What to work on: Find the line in the entries below that contains "From Stdlib Require ClassicalEpsilon.". Repeat it exactly, and every line after it through the line that contains "fun c => B (c * e%:Z + i%:Z)%R.".

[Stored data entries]
++++
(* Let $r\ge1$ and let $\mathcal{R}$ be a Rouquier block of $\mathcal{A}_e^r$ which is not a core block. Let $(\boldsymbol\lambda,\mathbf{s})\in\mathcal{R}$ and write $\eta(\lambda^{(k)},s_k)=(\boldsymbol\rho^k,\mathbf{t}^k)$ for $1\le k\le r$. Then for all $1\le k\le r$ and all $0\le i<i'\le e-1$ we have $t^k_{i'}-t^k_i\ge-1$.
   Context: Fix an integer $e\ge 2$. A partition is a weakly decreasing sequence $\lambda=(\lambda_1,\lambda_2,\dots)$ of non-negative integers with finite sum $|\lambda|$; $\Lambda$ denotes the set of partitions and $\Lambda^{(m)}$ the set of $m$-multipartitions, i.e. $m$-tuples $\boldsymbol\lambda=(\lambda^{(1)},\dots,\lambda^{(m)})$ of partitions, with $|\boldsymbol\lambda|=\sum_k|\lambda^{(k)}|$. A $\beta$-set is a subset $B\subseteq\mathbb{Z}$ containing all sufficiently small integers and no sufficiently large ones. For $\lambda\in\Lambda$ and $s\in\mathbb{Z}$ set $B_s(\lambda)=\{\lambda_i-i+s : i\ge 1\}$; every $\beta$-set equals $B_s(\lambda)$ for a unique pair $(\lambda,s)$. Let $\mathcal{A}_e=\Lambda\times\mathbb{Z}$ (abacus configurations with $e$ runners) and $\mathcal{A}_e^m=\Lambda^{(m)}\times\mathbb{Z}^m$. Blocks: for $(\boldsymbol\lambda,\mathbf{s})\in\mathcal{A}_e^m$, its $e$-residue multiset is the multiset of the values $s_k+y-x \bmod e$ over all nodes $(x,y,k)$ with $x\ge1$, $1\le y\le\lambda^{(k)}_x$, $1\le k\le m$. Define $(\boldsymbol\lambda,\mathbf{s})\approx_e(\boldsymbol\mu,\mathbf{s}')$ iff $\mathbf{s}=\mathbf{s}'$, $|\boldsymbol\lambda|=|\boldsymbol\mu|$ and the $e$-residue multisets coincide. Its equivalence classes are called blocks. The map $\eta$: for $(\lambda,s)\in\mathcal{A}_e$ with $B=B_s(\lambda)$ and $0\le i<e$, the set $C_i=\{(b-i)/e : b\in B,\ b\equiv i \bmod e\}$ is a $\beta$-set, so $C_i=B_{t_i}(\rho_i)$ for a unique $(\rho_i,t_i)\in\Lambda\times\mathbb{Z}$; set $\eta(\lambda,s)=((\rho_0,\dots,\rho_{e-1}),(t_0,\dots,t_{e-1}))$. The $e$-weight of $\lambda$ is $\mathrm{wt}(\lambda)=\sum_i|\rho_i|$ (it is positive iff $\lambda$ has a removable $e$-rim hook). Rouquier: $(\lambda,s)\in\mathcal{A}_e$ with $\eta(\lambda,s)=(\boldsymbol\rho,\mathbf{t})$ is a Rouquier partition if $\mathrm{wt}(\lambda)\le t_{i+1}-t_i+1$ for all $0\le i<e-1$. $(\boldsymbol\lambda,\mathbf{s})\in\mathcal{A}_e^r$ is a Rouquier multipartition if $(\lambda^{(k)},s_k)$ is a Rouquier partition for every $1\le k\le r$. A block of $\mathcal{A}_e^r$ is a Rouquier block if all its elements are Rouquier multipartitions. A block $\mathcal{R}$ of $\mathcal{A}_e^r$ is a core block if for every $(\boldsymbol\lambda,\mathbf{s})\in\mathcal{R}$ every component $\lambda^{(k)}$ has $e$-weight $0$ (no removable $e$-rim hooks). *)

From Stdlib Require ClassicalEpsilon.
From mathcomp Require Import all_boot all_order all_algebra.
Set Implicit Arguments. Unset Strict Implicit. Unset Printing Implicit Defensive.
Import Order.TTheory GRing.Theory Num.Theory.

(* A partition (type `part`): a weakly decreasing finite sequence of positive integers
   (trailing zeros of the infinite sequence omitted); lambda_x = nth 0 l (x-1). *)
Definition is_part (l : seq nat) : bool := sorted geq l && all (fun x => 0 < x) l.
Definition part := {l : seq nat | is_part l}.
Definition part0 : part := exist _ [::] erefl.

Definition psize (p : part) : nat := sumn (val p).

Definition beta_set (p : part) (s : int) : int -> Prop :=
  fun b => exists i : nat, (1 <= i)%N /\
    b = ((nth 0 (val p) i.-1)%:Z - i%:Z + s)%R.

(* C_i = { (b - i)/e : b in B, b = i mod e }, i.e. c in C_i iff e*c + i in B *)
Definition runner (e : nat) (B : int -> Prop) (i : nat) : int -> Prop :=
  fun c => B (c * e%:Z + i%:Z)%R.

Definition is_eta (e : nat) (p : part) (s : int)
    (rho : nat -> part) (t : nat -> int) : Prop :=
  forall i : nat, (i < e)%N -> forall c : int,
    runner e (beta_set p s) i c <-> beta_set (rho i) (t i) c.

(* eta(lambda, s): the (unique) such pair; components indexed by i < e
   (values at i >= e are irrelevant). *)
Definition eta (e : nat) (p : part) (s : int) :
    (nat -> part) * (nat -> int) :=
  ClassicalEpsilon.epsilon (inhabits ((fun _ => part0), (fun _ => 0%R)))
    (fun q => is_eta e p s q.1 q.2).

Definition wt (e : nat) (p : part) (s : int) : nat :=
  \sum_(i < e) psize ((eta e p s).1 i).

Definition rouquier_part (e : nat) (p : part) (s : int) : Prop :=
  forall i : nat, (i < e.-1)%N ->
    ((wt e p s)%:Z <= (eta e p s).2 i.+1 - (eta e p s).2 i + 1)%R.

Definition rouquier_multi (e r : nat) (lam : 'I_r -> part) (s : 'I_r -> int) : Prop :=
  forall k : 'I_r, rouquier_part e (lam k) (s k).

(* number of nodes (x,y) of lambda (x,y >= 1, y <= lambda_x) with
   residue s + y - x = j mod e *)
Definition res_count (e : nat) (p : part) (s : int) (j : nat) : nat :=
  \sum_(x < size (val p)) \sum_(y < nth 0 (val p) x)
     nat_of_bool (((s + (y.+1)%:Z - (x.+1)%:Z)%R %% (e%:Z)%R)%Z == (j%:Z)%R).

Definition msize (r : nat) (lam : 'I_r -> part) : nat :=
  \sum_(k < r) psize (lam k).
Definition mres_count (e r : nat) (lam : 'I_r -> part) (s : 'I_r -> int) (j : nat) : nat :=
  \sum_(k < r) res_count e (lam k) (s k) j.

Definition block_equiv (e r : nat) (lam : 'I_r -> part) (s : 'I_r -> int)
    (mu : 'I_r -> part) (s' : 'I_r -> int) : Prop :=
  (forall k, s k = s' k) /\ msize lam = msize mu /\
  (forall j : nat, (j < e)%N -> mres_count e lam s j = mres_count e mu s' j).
++++
Expected answer:
From Stdlib Require ClassicalEpsilon.
From mathcomp Require Import all_boot all_order all_algebra.
Set Implicit Arguments. Unset Strict Implicit. Unset Printing Implicit Defensive.
Import Order.TTheory GRing.Theory Num.Theory.

(* A partition (type `part`): a weakly decreasing finite sequence of positive integers
   (trailing zeros of the infinite sequence omitted); lambda_x = nth 0 l (x-1). *)
Definition is_part (l : seq nat) : bool := sorted geq l && all (fun x => 0 < x) l.
Definition part := {l : seq nat | is_part l}.
Definition part0 : part := exist _ [::] erefl.

Definition psize (p : part) : nat := sumn (val p).

Definition beta_set (p : part) (s : int) : int -> Prop :=
  fun b => exists i : nat, (1 <= i)%N /\
    b = ((nth 0 (val p) i.-1)%:Z - i%:Z + s)%R.

(* C_i = { (b - i)/e : b in B, b = i mod e }, i.e. c in C_i iff e*c + i in B *)
Definition runner (e : nat) (B : int -> Prop) (i : nat) : int -> Prop :=
  fun c => B (c * e%:Z + i%:Z)%R.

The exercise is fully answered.